> [REQUIRED ACTION]
Gather each line of the records where "other" appears.

━━━ DATA

(* Let $m$ be an odd positive integer and $q\geq 1$. Then $m*Q_q$ divides $Q_{mq}$.
   Context: $Q_q$ denotes the $q$-dimensional hypercube graph (vertices are $q$-tuples of $0$'s and $1$'s, adjacent iff they differ in exactly one coordinate). For a graph $G$ and positive integer $m$, the $m$-stretch $m*G$ is the graph obtained from $G$ by replacing each edge by a path with $m$ edges, these paths being internally vertex-disjoint. For graphs $H$ and $G$, ''$H$ divides $G$'' means there is a collection of subgraphs $H_i$ of $G$, each isomorphic to $H$, such that $E(G)$ is the disjoint union of the edge sets $E(H_i)$. *)

(* finite simple graphs as symmetric irreflexive boolean relations on finTypes. *)
From mathcomp Require Import all_boot.
Set Implicit Arguments. Unset Strict Implicit. Unset Printing Implicit Defensive.

Definition edges (V : finType) (e : rel V) : {set {set V}} :=
  [set [set p.1; p.2] | p : V * V & e p.1 p.2].

(* A subgraph of (V,g) isomorphic to (W,h) is given by an injective map f : W -> V
   sending edges to edges; the subgraph is f(W) with edge set f(E(H)). *)
Definition is_copy (W V : finType) (h : rel W) (g : rel V) (f : W -> V) : Prop :=
  injective f /\ (forall x y, h x y -> g (f x) (f y)).

Definition copy_edges (W V : finType) (h : rel W) (f : W -> V) : {set {set V}} :=
  [set [set f p.1; f p.2] | p : W * W & h p.1 p.2].

Definition divides (W V : finType) (h : rel W) (g : rel V) : Prop :=
  exists (k : nat) (F : 'I_k -> W -> V),
    (forall i, is_copy h g (F i)) /\
    (forall i j : 'I_k, i != j -> [disjoint copy_edges h (F i) & copy_edges h (F j)]) /\
    \bigcup_(i < k) copy_edges h (F i) = edges g.

Definition cube_adj (q : nat) : rel {ffun 'I_q -> bool} :=
  fun x y => #|[set i | x i != y i]| == 1.

(* Each edge {x,y} of G is represented once, as the pair (x,y)
   with enum_rank x < enum_rank y; it is replaced by the path
   x = p_0, p_1, ..., p_{m-1}, p_m = y whose interior vertices p_j (1 <= j <= m-1)
   are the new vertices inr (edge, j-1). *)
Section Stretch.
Variables (V : finType) (m : nat) (e : rel V).

Definition sedge := {p : V * V | e p.1 p.2 && (enum_rank p.1 < enum_rank p.2)}.

Definition svert := (V + (sedge * 'I_m.-1))%type.

Definition pathv (a : sedge) (j : nat) : svert :=
  if j == 0 then inl (val a).1
  else match insub j.-1 with
       | Some k => inr (a, k)
       | None => inl (val a).2
       end.

Definition stretch_adj : rel svert :=
  fun u v => [exists a : sedge, exists j : 'I_m,
    ((u == pathv a j) && (v == pathv a j.+1)) ||
    ((v == pathv a j) && (u == pathv a j.+1))].
End Stretch.

(* For m = 2h+1 the edges of Q_m split into 2^(m-1) paths of length m from a word
   to its complement: starting from c with c(h) = 0, flip the middle coordinate at
   time h and the coordinates of each mirror pair {b, m-1-b} at the times b and
   m-1-b, in the order decided by whether c agrees on the pair.  Viewing Q_(mq) as
   (Q_m)^q, a choice of such words c_1, ..., c_q embeds m*Q_q: the vertex x of Q_q
   goes to the blocks c_j + x_j, and the subdivided edge in direction i runs the walk
   of c_i in block i.  An edge of Q_(mq) moves one block along an edge of Q_m, which
   lies on exactly one walk; this recovers c_i, and the other blocks recover the
   other c_j.  So the 2^((m-1)q) copies partition the edges of Q_(mq). *)

From mathcomp Require Import all_boot.
From mathcomp Require Import zify.
Set Implicit Arguments. Unset Strict Implicit. Unset Printing Implicit Defensive.

Lemma eq_set2 (T : finType) (a b a' b' : T) :
  [set a; b] = [set a'; b'] -> (a = a' /\ b = b') \/ (a = b' /\ b = a').
Proof.
move=> E.
have : a \in [set a'; b'] by rewrite -E set21.
have : b \in [set a'; b'] by rewrite -E set22.
have : a' \in [set a; b] by rewrite E set21.
have : b' \in [set a; b] by rewrite E set22.
by do 4 (case/set2P=> ?); subst; auto.
Qed.

Section BooleanVectors.
Variable I : finType.
Implicit Types (w : {ffun I -> bool}) (p : I).

Definition flip_at w p : {ffun I -> bool} := [ffun b => w b (+) (b == p)].

Definition xor_const w (x : bool) : {ffun I -> bool} := [ffun b => w b (+) x].

Lemma flip_atK w p : flip_at (flip_at w p) p = w.
Proof. by apply/ffunP => b; rewrite !ffunE -addbA addbb addbF. Qed.

Lemma flip_at_id w p p' : flip_at (flip_at w p) p' = w -> p = p'.
Proof.
by move/ffunP/(_ p); rewrite !ffunE eqxx -addbA; case: eqP => //; rewrite addbT; case: (w p).
Qed.

Lemma flip_at_neq w p : flip_at w p != w.
Proof. by apply/eqP => /ffunP/(_ p); rewrite ffunE eqxx; case: (w p). Qed.

Lemma flip_at_inj w : injective (flip_at w).
Proof. by move=> p p' E; apply: (@flip_at_id w); rewrite E flip_atK. Qed.

Lemma xor_constK w x : xor_const (xor_const w x) x = w.
Proof. by apply/ffunP => b; rewrite !ffunE -addbA addbb addbF. Qed.

Lemma xor_const_false w : xor_const w false = w.
Proof. by apply/ffunP => b; rewrite ffunE addbF. Qed.

Lemma xor_const_inj w w' x x' p :
  w p = w' p -> xor_const w x = xor_const w' x' -> w = w'.
Proof.
move=> Ep E; have Ex : x = x' by move/ffunP/(_ p): E; rewrite !ffunE Ep; apply: addbI.
by rewrite -(xor_constK w x) E Ex xor_constK.
Qed.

━━━━━━

> [RESPONSE TO THIS TASK]
   lies on exactly one walk; this recovers c_i, and the other blocks recover the
   other c_j.  So the 2^((m-1)q) copies partition the edges of Q_(mq). *)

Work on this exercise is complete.